Comment 27 Mike Reid 2011-12-21 04:17:45 UTC

OK, booted twice OK on my Lenovo T510. 
Can see a slight pause when it hits the point where it used to hang, as you can see from this dmesg extract:
 
...
[    1.974235] Refined TSC clocksource calibration: 2526.999 MHz.
[    1.974411] Switching to clocksource tsc
[    3.414125] loop: module loaded
... 

And I guess this is part of what was causing the problem: 
...
[    3.625251] IMA: No TPM chip found, activating TPM-bypass!
...

Comment 28 tomi ollila 2011-12-28 19:11:35 UTC

I had the same problem -- boot hang for ... 2 minutes (?) after 
'loading initial ramdisk' and then said something about timeout.
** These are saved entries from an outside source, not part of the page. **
(* Let $\overline{g}$ be the standard metric on the unit sphere $S^n \subset \mathbb{R}^{n+1}$ and let $f = x_{n+1}|_{S^n}$. If $\delta > 0$ is sufficiently small, then the function $e^{-\frac{1}{f-\delta}}$ satisfies $\Delta_{\overline{g}}\big(e^{-\frac{1}{f-\delta}}\big) \geq 0$ in the region $\{\delta < f < 3\delta\}$. *)

From HB Require Import structures.
From mathcomp Require Import all_boot all_order all_algebra.
From mathcomp Require Import all_classical all_reals all_analysis.
Set Implicit Arguments. Unset Strict Implicit. Unset Printing Implicit Defensive.
Import Order.TTheory GRing.Theory Num.Theory.
Import numFieldNormedType.Exports.
Local Open Scope ring_scope.

Definition sqnorm (R : realType) (n : nat) (x : 'rV[R]_n) : R :=
  \sum_(i < n) x 0 i ^+ 2.

Definition eucl_lap (R : realType) (n : nat) (F : 'rV[R]_n -> R) (x : 'rV[R]_n) : R :=
  \sum_(i < n) derive (fun y => derive F y (delta_mx 0 i)) x (delta_mx 0 i).

(* Laplace-Beltrami operator of the round metric on the unit sphere S^n in R^(n+1):
   for u : R^(n+1) -> R (only its values on S^n matter), Delta_{S^n} u at x in S^n
   is the Euclidean Laplacian at x of the degree-0 homogeneous extension
   y |-> u (y / |y|). *)
Definition sphere_lap (R : realType) (n : nat) (u : 'rV[R]_n.+1 -> R) (x : 'rV[R]_n.+1) : R :=
  eucl_lap (fun y => u ((Num.sqrt (sqnorm y))^-1 *: y)) x.

Definition xlast (R : realType) (n : nat) (x : 'rV[R]_n.+1) : R := x 0 ord_max.

From HB Require Import structures.
From mathcomp Require Import all_boot all_order all_algebra.
From mathcomp Require Import all_classical all_reals all_analysis.
From mathcomp Require Import ring lra.
Import Order.TTheory GRing.Theory Num.Theory.
Import numFieldNormedType.Exports.
Local Open Scope ring_scope.

(* Write f = x_(n+1) and phi(y) = exp(-1/(y - delta)).  On the unit sphere
     Delta (phi o f) = phi''(f) |grad f|^2 + phi'(f) Delta f
                     = phi''(f) (1 - f^2) - n f phi'(f),
   which for s = f - delta equals exp(-1/s) / s^4 * ((1 - 2 s) (1 - f^2) - n f s^2);
   when delta < f < 3 delta and delta is small the bracket is close to 1.
   The Laplacian formula is obtained one coordinate direction at a time: along
   the line x + t e_i through a point x of the sphere, f of the normalised point
   is (t [i = n+1] + f x) / sqrt (t^2 + 2 x_i t + 1), a function of one variable. *)

Section derive_along_line.
Variables (R : realType) (V W : normedModType R).

Lemma derive_along_line (F : V -> W) (x v : V) (s : R) :
  derive F (s *: v + x) v = derive (fun t : R => F (t *: v + x)) s 1.
Proof.
rewrite /derive; apply: (congr1 (fun g : R -> W => lim (g @ 0^')%classic)).
by apply/funext => h /=; rewrite scalerDl addrA [h%:A]mulr1.
Qed.

Lemma derive2_along_line (F : V -> W) (x v : V) :
  derive (fun y => derive F y v) x v =
  derive (fun s : R => derive (fun t : R => F (t *: v + x)) s 1) 0 1.
Proof.
have -> : (fun s : R => derive (fun t : R => F (t *: v + x)) s 1) =
          (fun s : R => derive F (s *: v + x) v).
  by apply/funext => s; rewrite derive_along_line.
by rewrite -(derive_along_line (fun y => derive F y v)) scale0r add0r.
Qed.

End derive_along_line.

Section second_derivative.
Variable R : realType.
Implicit Types f g : R -> R.

Lemma is_derive1_near_comp {g} {x b : R} {P : R -> Prop} :
  is_derive x 1 g b -> (\forall y \near g x, P y) -> \forall t \near x, P (g t).
Proof.
case=> dg _; have gx : {for x, continuous g}.
  by apply: differentiable_continuous; exact/derivable1_diffP.
exact: gx.
Qed.

Lemma derive2_near f f1 (x d : R) :
  (\forall t \near x, is_derive (t : R) 1 f (f1 t)) -> is_derive x 1 f1 d ->
  derive (fun s => derive f s 1) x 1 = d.
Proof.
move=> Df Df1; rewrite (@near_eq_derive _ _ _ _ f1); first exact: derive_val.
by apply: filterS Df => t Dft; exact: derive_val.
Qed.

Lemma derive2_comp f f1 g g1 (x f2 g2 : R) :
  (\forall t \near x, is_derive (t : R) 1 g (g1 t)) -> is_derive x 1 g1 g2 ->
  (\forall y \near g x, is_derive (y : R) 1 f (f1 y)) -> is_derive (g x) 1 f1 f2 ->
  derive (fun s => derive (fun t => f (g t)) s 1) x 1
    = f2 * g1 x ^+ 2 + f1 (g x) * g2.
Proof.
move=> Dg Dg1 Df Df1.
have Dgx : is_derive x 1 g (g1 x) := nbhs_singleton Dg.
have Df_g : \forall t \near x, is_derive (g t) 1 f (f1 (g t)) :=
  is_derive1_near_comp Dgx Df.
apply: (@derive2_near _ (fun t => f1 (g t) * g1 t)).
  by near=> t; apply: is_derive1_comp; [exact: (near Df_g t) | exact: (near Dg t)].
apply: is_derive_eq (is_deriveM (is_derive1_comp Df1 Dgx) Dg1) _.
by rewrite /GRing.scale /=; ring.
Unshelve. all: by end_near. Qed.

End second_derivative.

Arguments is_derive1_near_comp {R g x b P}.
Arguments derive2_comp {R f f1 g g1 x f2 g2}.

Section normalized_line.
Variables (R : realType) (a b c : R).

Let q (t : R) := t ^+ 2 + 2 * c * t + 1.
Let S (t : R) := Num.sqrt (q t).
Let h (t : R) := (S t)^-1 * (t * b + a).
Let h1 (t : R) := b / S t - (t + c) * (t * b + a) / S t ^+ 3.

Let q0 : q 0 = 1. Proof. by rewrite /q expr0n /= mulr0 !add0r. Qed.
Let S0 : S 0 = 1. Proof. by rewrite /S q0 sqrtr1. Qed.

Let is_derive_q (t : R) : is_derive t 1 q (2 * t + 2 * c).
Proof.
have := is_deriveD (is_deriveD (is_deriveX 2 (is_derive_id t 1))
    (is_deriveM (is_derive_cst (2 * c) t 1) (is_derive_id t 1)))
  (is_derive_cst (1 : R) t 1).
by move=> /is_derive_eq; apply; rewrite /GRing.scale /=; ring.
Qed.

Let is_derive_S (t : R) : 0 < q t -> is_derive t 1 S ((t + c) / S t).
Proof.
move=> qt; have Sneq0 : S t != 0 by rewrite gt_eqF ?sqrtr_gt0.
apply: is_derive_eq (is_derive1_comp (is_derive1_sqrt qt) (is_derive_q t)) _.
by rewrite -/(S t); field.
Qed.

Let is_derive_h (t : R) : 0 < q t -> is_derive t 1 h (h1 t).
Proof.
move=> qt; have Sneq0 : S t != 0 by rewrite gt_eqF ?sqrtr_gt0.
have := is_deriveM (is_deriveV Sneq0 (is_derive_S t qt))
  (is_deriveD (is_deriveM (is_derive_id t 1) (is_derive_cst b t 1))
    (is_derive_cst a t 1)).
by move=> /is_derive_eq; apply; rewrite /h1 /GRing.scale /= !fctE; field.
Qed.

Let is_derive_h1 : is_derive (0 : R) 1 h1 (3 * a * c ^+ 2 - a - 2 * b * c).
Proof.
have q0_gt0 : 0 < q 0 by rewrite q0.
have DS := is_derive_S 0 q0_gt0.
have S0neq0 : S 0 != 0 by rewrite S0 oner_eq0.
have S03neq0 : S 0 ^+ 3 != 0 by rewrite S0 expr1n oner_eq0.
have := is_deriveB
  (is_deriveM (is_derive_cst b (0 : R) 1) (is_deriveV S0neq0 DS))
  (is_deriveM (is_deriveM
      (is_deriveD (is_derive_id (0 : R) 1) (is_derive_cst c (0 : R) 1))
      (is_deriveD (is_deriveM (is_derive_id (0 : R) 1) (is_derive_cst b (0 : R) 1))
         (is_derive_cst a (0 : R) 1)))
     (is_deriveV (f := S ^+ 3) S03neq0 (is_deriveX 3 DS))).
by move=> /is_derive_eq; apply; rewrite /GRing.scale /= !fctE S0; field.
Qed.

Lemma derive2_comp_normalized_line (phi phi1 : R -> R) (phi2 : R) :
  (\forall y \near a, is_derive (y : R) 1 phi (phi1 y)) -> is_derive a 1 phi1 phi2 ->
  derive (fun s : R => derive (fun t : R =>
      phi ((Num.sqrt (t ^+ 2 + 2 * c * t + 1))^-1 * (t * b + a))) s 1) 0 1
    = phi2 * (b - c * a) ^+ 2 + phi1 a * (3 * a * c ^+ 2 - a - 2 * b * c).
Proof.
move=> Dphi Dphi1.
have h0 : h 0 = a by rewrite /h S0 invr1 mul1r mul0r add0r.
have h10 : h1 0 = b - c * a by rewrite /h1 S0 expr1n !divr1 mul0r !add0r.
have Dh : \forall t \near (0 : R), is_derive (t : R) 1 h (h1 t).
  have q_gt0 : \forall t \near (0 : R), 0 < q t.
    apply: (is_derive1_near_comp (P := fun r : R => 0 < r) (is_derive_q 0)).
    by rewrite q0; exact: lt_nbhsr ltr01.
  by apply: filterS q_gt0 => t; exact: is_derive_h.
rewrite -h0 in Dphi Dphi1.
by rewrite (derive2_comp Dh is_derive_h1 Dphi Dphi1) h0 h10.
Qed.

End normalized_line.

Lemma sum_natr_eq_mul {R : pzSemiRingType} {N : nat} (i : 'I_N) (F : 'I_N -> R) :
  \sum_(j < N) (j == i)%:R * F j = F i.
Proof.
rewrite (bigD1 i) //= eqxx mul1r big1 ?addr0 // => j /negbTE ->.
by rewrite mul0r.
Qed.

Lemma sqnorm_shift (R : realType) (N : nat) (x : 'rV[R]_N) (i : 'I_N) (t : R) :
  sqnorm (t *: delta_mx 0 i + x) = t ^+ 2 + 2 * x 0 i * t + sqnorm x.
Proof.
have E j : (t *: delta_mx 0 i + x) 0 j ^+ 2
           = x 0 j ^+ 2 + (j == i)%:R * (t ^+ 2 + 2 * x 0 j * t).
  by rewrite !mxE eqxx /=; case: (j == i) => /=; ring.
rewrite /sqnorm; under eq_bigr => j _ do rewrite E.
by rewrite big_split /= sum_natr_eq_mul addrC.
Qed.

Section sphere_laplacian.
Variables (R : realType) (n : nat).
Implicit Types (phi : R -> R) (x : 'rV[R]_n.+1).

Lemma xlast_normalize_shift x (i : 'I_n.+1) (t : R) : sqnorm x = 1 ->
  xlast ((Num.sqrt (sqnorm (t *: delta_mx 0 i + x)))^-1 *: (t *: delta_mx 0 i + x))
  = (Num.sqrt (t ^+ 2 + 2 * x 0 i * t + 1))^-1 * (t * (i == ord_max)%:R + xlast x).
Proof. by move=> x1; rewrite sqnorm_shift x1 /xlast !mxE eqxx eq_sym. Qed.

Lemma derive2_xlast_normalize_basis phi (phi1 : R -> R) (phi2 : R) x (i : 'I_n.+1) :
  sqnorm x = 1 ->
  (\forall y \near xlast x, is_derive (y : R) 1 phi (phi1 y)) ->
  is_derive (xlast x) 1 phi1 phi2 ->
  derive (fun y => derive (fun z => phi (xlast ((Num.sqrt (sqnorm z))^-1 *: z)))
                          y (delta_mx 0 i)) x (delta_mx 0 i)
  = phi2 * ((i == ord_max)%:R - x 0 i * xlast x) ^+ 2
    + phi1 (xlast x) * (3 * xlast x * x 0 i ^+ 2 - xlast x
                        - 2 * (i == ord_max)%:R * x 0 i).
Proof.
move=> x1 Dphi Dphi1; rewrite derive2_along_line.
have -> : (fun t : R => phi (xlast ((Num.sqrt (sqnorm (t *: delta_mx 0 i + x)))^-1
                                     *: (t *: delta_mx 0 i + x))))
  = (fun t : R => phi ((Num.sqrt (t ^+ 2 + 2 * x 0 i * t + 1))^-1
                       * (t * (i == ord_max)%:R + xlast x))).
  by apply/funext => t; rewrite xlast_normalize_shift.
exact: derive2_comp_normalized_line.
Qed.

Lemma sphere_lap_xlast_comp phi (phi1 : R -> R) (phi2 : R) x :
  sqnorm x = 1 ->
  (\forall y \near xlast x, is_derive (y : R) 1 phi (phi1 y)) ->
  is_derive (xlast x) 1 phi1 phi2 ->
  sphere_lap (fun y => phi (xlast y)) x
    = phi2 * (1 - xlast x ^+ 2) - n%:R * xlast x * phi1 (xlast x).
Proof.
move=> x1 Dphi Dphi1; rewrite /sphere_lap /eucl_lap.
under eq_bigr => i _ do rewrite derive2_xlast_normalize_basis //.
set a := xlast x.
have sum_c2 : \sum_(i < n.+1) x 0 i ^+ 2 = 1 := x1.
rewrite (eq_bigr (fun i : 'I_n.+1 =>
    ((phi2 * a ^+ 2 + 3 * a * phi1 a) * x 0 i ^+ 2 - a * phi1 a)
    + (i == ord_max)%:R * (phi2 - 2 * (phi2 * a + phi1 a) * x 0 i))); last first.
  by move=> i _; case: (i == ord_max) => /=; ring.
rewrite big_split /= sum_natr_eq_mul big_split /= -mulr_sumr sum_c2.
rewrite sumr_const card_ord -mulr_natl -[x 0 ord_max]/a.
by ring.
Qed.

End sphere_laplacian.

Arguments sphere_lap_xlast_comp {R n phi phi1 phi2 x}.

Section flat_exponential.
Variables (R : realType) (d : R).

Lemma is_derive_expR_inv {y : R} : d < y ->
  is_derive y 1 (fun z => expR (- (z - d)^-1)) (expR (- (y - d)^-1) / (y - d) ^+ 2).
Proof.
move=> dy; have yd : y - d != 0 by rewrite subr_eq0 gt_eqF.
have := is_derive1_comp (is_derive_expR _) (is_deriveN
  (is_deriveV (f := fun z => z - d) yd
     (is_deriveB (is_derive_id y 1) (is_derive_cst d y 1)))).
by move=> /is_derive_eq; apply; rewrite /GRing.scale /=; field.
Qed.

Lemma is_derive_expR_inv_div {y : R} : d < y ->
  is_derive y 1 (fun z => expR (- (z - d)^-1) / (z - d) ^+ 2)
    (expR (- (y - d)^-1) * (1 - 2 * (y - d)) / (y - d) ^+ 4).
Proof.
move=> dy; have yd : y - d != 0 by rewrite subr_eq0 gt_eqF.
have yd2 : (y - d) ^+ 2 != 0 by rewrite expf_neq0.
have := is_deriveM (is_derive_expR_inv dy)
  (is_deriveV (f := fun z => (z - d) ^+ 2) yd2
     (is_deriveX 2 (is_deriveB (is_derive_id y 1) (is_derive_cst d y 1)))).
by move=> /is_derive_eq; apply; rewrite /GRing.scale /= !fctE; field.
Qed.

End flat_exponential.

Arguments is_derive_expR_inv {R d y}.
Arguments is_derive_expR_inv_div {R d y}.

Lemma laplacian_bracket_ge0 (R : realType) (N d a : R) :
  0 <= N -> 0 < d -> d < (10 * (N + 1))^-1 -> d < a -> a < 3 * d ->
  N * a * (a - d) ^+ 2 <= (1 - 2 * (a - d)) * (1 - a ^+ 2).
Proof.
move=> N0 d0 d_small da ad.
have {}d_small : 10 * (N * d) + 10 * d < 1.
  have pos : 0 < 10 * (N + 1) by rewrite mulr_gt0 // ltr_wpDl.
  rewrite (_ : _ + _ = d * (10 * (N + 1))); last by ring.
  by rewrite -ltr_pdivlMr // mul1r.
have Nd0 : 0 <= N * d by rewrite mulr_ge0 // ltW.
have a_small : a < 3 / 10 by lra.
have a0 : 0 < a by lra.
have ds_ge : 1 / 2 <= 1 - 2 * (a - d) by lra.
have a2_ge : 1 / 2 <= 1 - a ^+ 2.
  have : a * a <= 3 / 10 * a by rewrite ler_pM2r // ltW.
  by rewrite expr2; lra.
have Na_le : N * a <= 3 / 10.
  have : N * a <= N * (3 * d) by rewrite ler_wpM2l // ltW.
  lra.
have s2_le : (a - d) ^+ 2 <= 1 / 5 * (1 / 5) by rewrite expr2; apply: ler_pM; lra.
have lhs_le : N * a * (a - d) ^+ 2 <= 3 / 10 * (1 / 5 * (1 / 5)).
  by apply: ler_pM => //; [rewrite mulr_ge0 // ltW | exact: sqr_ge0].
have rhs_ge : 1 / 2 * (1 / 2) <= (1 - 2 * (a - d)) * (1 - a ^+ 2).
  by apply: ler_pM; lra.
lra.
Qed.

Theorem lemma4p1 (R : realType) (n : nat) :
  exists2 delta0 : R, 0 < delta0 &
    forall delta : R, 0 < delta -> delta < delta0 ->
    forall x : 'rV[R]_n.+1, sqnorm x = 1 ->
      delta < xlast x -> xlast x < 3 * delta ->
      0 <= sphere_lap (fun y => expR (- (xlast y - delta)^-1)) x.
Proof.
exists (10 * (n%:R + 1))^-1; first by rewrite invr_gt0 mulr_gt0 // ltr_wpDl.
move=> d d0 d_small x x1 dx xd.
have Dphi : \forall y \near xlast x,
    is_derive (y : R) 1 (fun z => expR (- (z - d)^-1)) (expR (- (y - d)^-1) / (y - d) ^+ 2).
  by apply: filterS (lt_nbhsr dx) => y; exact: is_derive_expR_inv.
rewrite (sphere_lap_xlast_comp x1 Dphi (is_derive_expR_inv_div dx)).
set a := xlast x in dx xd *; set E := expR _.
have ad : a - d != 0 by rewrite subr_eq0 gt_eqF.
rewrite (_ : _ - _ = E / (a - d) ^+ 4 *
  ((1 - 2 * (a - d)) * (1 - a ^+ 2) - n%:R * a * (a - d) ^+ 2)); last by field.
by rewrite mulr_ge0 ?divr_ge0 ?expR_ge0 ?exprn_ge0 ?subr_ge0
  ?laplacian_bracket_ge0 // ltW.
Qed.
Now I yum updated by F16. kernel 3.1.6-1.fc16.x86_64.

Now it stopped for a while (for 1 second (or 2) if what I paste below
is what happened:

...
[    0.994495] tpm_tis 00:0b: 1.2 TPM (device-id 0x0, rev-id 78)
[    1.922197] Refined TSC clocksource calibration: 2393.999 MHz.
[    1.922204] Switching to clocksource tsc
[    3.021751] loop: module loaded
[    3.021836] ahci 0000:00:1f.2: version 3.0
...
[    3.077076] IMA: No TPM chip found, activating TPM-bypass!
...

This is definite improvement (presumed it lasts...) Thanks!

Comment 29 David L. Crow 2012-02-23 22:55:31 UTC

I haven't seen this problem in a while, so as far as I am concerned, this bug can be closed.